→ Problem statement: Go to the line containing "intros Hrun Hocc" in the records below. Repeat it and the lines after it exactly, all the way to the end.

[Dataset entries]
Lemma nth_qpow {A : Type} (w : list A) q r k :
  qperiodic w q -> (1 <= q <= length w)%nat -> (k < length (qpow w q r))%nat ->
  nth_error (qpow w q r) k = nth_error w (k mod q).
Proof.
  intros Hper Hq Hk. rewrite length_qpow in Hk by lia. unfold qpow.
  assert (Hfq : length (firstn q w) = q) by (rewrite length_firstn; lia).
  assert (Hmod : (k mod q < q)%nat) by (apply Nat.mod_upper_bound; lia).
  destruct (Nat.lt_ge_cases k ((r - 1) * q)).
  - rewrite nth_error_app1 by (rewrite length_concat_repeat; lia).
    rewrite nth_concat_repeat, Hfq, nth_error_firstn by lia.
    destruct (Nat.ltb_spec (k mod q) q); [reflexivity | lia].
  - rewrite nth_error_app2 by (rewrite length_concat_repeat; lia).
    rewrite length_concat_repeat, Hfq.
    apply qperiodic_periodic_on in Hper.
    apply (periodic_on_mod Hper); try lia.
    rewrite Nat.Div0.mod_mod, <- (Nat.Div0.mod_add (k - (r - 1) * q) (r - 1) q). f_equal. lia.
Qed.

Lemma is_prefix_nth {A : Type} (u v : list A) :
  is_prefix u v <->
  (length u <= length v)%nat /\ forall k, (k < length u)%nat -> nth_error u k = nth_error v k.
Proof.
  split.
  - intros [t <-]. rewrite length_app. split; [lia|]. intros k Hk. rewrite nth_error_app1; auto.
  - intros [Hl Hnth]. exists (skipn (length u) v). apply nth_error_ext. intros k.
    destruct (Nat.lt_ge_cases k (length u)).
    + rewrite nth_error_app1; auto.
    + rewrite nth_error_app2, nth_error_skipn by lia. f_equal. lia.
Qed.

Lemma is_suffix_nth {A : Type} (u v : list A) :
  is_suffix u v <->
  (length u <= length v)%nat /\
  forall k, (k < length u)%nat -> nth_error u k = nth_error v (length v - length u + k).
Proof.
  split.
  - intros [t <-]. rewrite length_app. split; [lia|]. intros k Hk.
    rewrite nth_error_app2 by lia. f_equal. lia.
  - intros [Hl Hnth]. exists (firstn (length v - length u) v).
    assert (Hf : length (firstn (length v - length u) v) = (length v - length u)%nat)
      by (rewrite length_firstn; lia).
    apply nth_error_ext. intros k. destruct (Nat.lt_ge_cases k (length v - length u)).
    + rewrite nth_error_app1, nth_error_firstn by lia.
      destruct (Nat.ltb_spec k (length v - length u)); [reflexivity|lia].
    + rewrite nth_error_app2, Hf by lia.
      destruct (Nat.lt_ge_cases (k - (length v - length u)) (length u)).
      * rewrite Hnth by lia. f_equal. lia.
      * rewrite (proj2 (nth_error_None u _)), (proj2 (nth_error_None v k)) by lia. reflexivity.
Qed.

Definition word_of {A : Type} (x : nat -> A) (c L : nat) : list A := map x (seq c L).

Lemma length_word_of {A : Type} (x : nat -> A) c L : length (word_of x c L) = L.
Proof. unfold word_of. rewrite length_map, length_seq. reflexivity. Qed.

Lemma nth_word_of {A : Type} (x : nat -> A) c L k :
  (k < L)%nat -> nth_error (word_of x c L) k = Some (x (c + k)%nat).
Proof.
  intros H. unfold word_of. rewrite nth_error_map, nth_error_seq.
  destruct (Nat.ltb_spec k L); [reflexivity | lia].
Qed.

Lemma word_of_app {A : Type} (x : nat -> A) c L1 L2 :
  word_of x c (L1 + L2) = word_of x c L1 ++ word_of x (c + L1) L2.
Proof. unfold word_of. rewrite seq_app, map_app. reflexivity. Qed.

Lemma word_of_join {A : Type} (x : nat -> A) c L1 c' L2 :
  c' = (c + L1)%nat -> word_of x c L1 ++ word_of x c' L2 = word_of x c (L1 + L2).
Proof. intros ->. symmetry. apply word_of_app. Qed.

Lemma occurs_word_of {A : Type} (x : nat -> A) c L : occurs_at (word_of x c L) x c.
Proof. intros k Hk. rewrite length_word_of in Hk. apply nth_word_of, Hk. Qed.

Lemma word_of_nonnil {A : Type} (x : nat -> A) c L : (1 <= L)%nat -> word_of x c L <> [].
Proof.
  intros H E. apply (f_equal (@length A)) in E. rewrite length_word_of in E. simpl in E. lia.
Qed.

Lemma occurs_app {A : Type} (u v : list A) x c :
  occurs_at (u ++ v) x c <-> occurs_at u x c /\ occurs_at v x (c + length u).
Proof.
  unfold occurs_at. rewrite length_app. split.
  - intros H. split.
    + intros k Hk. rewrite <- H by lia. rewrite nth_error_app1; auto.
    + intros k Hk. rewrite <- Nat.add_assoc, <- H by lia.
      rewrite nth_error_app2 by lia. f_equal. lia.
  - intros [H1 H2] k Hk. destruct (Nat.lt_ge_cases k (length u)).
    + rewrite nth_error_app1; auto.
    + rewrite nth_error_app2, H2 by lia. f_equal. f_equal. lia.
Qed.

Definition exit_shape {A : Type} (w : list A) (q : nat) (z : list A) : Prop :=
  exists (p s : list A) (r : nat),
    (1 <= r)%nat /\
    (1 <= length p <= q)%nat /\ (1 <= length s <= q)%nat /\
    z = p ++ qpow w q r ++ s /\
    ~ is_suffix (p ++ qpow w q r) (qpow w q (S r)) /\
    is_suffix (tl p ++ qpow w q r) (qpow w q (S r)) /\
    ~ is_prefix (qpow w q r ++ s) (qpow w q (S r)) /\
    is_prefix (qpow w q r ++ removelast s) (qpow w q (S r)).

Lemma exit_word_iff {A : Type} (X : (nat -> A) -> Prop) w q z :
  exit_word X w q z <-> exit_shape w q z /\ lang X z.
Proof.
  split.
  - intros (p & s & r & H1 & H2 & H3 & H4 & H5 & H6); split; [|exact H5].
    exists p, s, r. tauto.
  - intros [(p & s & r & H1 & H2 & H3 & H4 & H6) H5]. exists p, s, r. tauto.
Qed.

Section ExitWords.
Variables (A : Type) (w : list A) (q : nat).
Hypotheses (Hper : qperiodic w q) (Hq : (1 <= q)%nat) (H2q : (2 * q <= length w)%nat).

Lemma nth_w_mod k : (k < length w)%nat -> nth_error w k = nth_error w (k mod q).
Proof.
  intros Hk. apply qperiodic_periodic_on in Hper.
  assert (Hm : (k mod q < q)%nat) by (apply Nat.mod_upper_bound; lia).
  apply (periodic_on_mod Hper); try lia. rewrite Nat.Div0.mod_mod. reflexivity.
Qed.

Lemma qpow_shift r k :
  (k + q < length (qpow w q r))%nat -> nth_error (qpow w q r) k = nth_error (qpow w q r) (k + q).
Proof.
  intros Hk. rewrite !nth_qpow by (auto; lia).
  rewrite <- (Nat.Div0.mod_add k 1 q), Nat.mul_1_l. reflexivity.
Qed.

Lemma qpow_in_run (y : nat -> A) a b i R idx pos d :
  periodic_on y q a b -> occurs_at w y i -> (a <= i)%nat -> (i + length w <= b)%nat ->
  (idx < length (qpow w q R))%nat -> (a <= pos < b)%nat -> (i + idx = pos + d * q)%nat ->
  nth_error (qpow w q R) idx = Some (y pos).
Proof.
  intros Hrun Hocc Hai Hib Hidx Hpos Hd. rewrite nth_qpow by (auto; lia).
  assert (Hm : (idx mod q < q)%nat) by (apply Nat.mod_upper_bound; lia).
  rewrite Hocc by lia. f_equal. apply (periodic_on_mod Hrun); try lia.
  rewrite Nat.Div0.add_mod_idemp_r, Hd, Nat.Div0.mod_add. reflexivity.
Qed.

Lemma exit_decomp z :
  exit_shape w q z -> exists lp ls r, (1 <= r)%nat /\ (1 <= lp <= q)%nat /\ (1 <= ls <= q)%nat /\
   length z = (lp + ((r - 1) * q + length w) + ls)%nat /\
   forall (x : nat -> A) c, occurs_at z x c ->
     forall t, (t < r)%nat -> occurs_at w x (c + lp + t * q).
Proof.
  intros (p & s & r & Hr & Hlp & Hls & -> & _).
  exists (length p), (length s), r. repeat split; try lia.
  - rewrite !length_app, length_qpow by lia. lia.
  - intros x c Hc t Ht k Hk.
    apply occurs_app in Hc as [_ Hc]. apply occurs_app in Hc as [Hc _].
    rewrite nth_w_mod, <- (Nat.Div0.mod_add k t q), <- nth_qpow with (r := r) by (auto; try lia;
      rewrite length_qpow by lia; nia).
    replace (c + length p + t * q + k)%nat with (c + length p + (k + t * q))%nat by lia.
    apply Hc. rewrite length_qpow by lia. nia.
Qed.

→ Solved problem:
  intros Hrun Hocc Hai Hib Hidx Hpos Hd. rewrite nth_qpow by (auto; lia).
  assert (Hm : (idx mod q < q)%nat) by (apply Nat.mod_upper_bound; lia).
  rewrite Hocc by lia. f_equal. apply (periodic_on_mod Hrun); try lia.
  rewrite Nat.Div0.add_mod_idemp_r, Hd, Nat.Div0.mod_add. reflexivity.
Qed.

Lemma exit_decomp z :
  exit_shape w q z -> exists lp ls r, (1 <= r)%nat /\ (1 <= lp <= q)%nat /\ (1 <= ls <= q)%nat /\
   length z = (lp + ((r - 1) * q + length w) + ls)%nat /\
   forall (x : nat -> A) c, occurs_at z x c ->
     forall t, (t < r)%nat -> occurs_at w x (c + lp + t * q).
Proof.
  intros (p & s & r & Hr & Hlp & Hls & -> & _).
  exists (length p), (length s), r. repeat split; try lia.
  - rewrite !length_app, length_qpow by lia. lia.
  - intros x c Hc t Ht k Hk.
    apply occurs_app in Hc as [_ Hc]. apply occurs_app in Hc as [Hc _].
    rewrite nth_w_mod, <- (Nat.Div0.mod_add k t q), <- nth_qpow with (r := r) by (auto; try lia;
      rewrite length_qpow by lia; nia).
    replace (c + length p + t * q + k)%nat with (c + length p + (k + t * q))%nat by lia.
    apply Hc. rewrite length_qpow by lia. nia.
Qed.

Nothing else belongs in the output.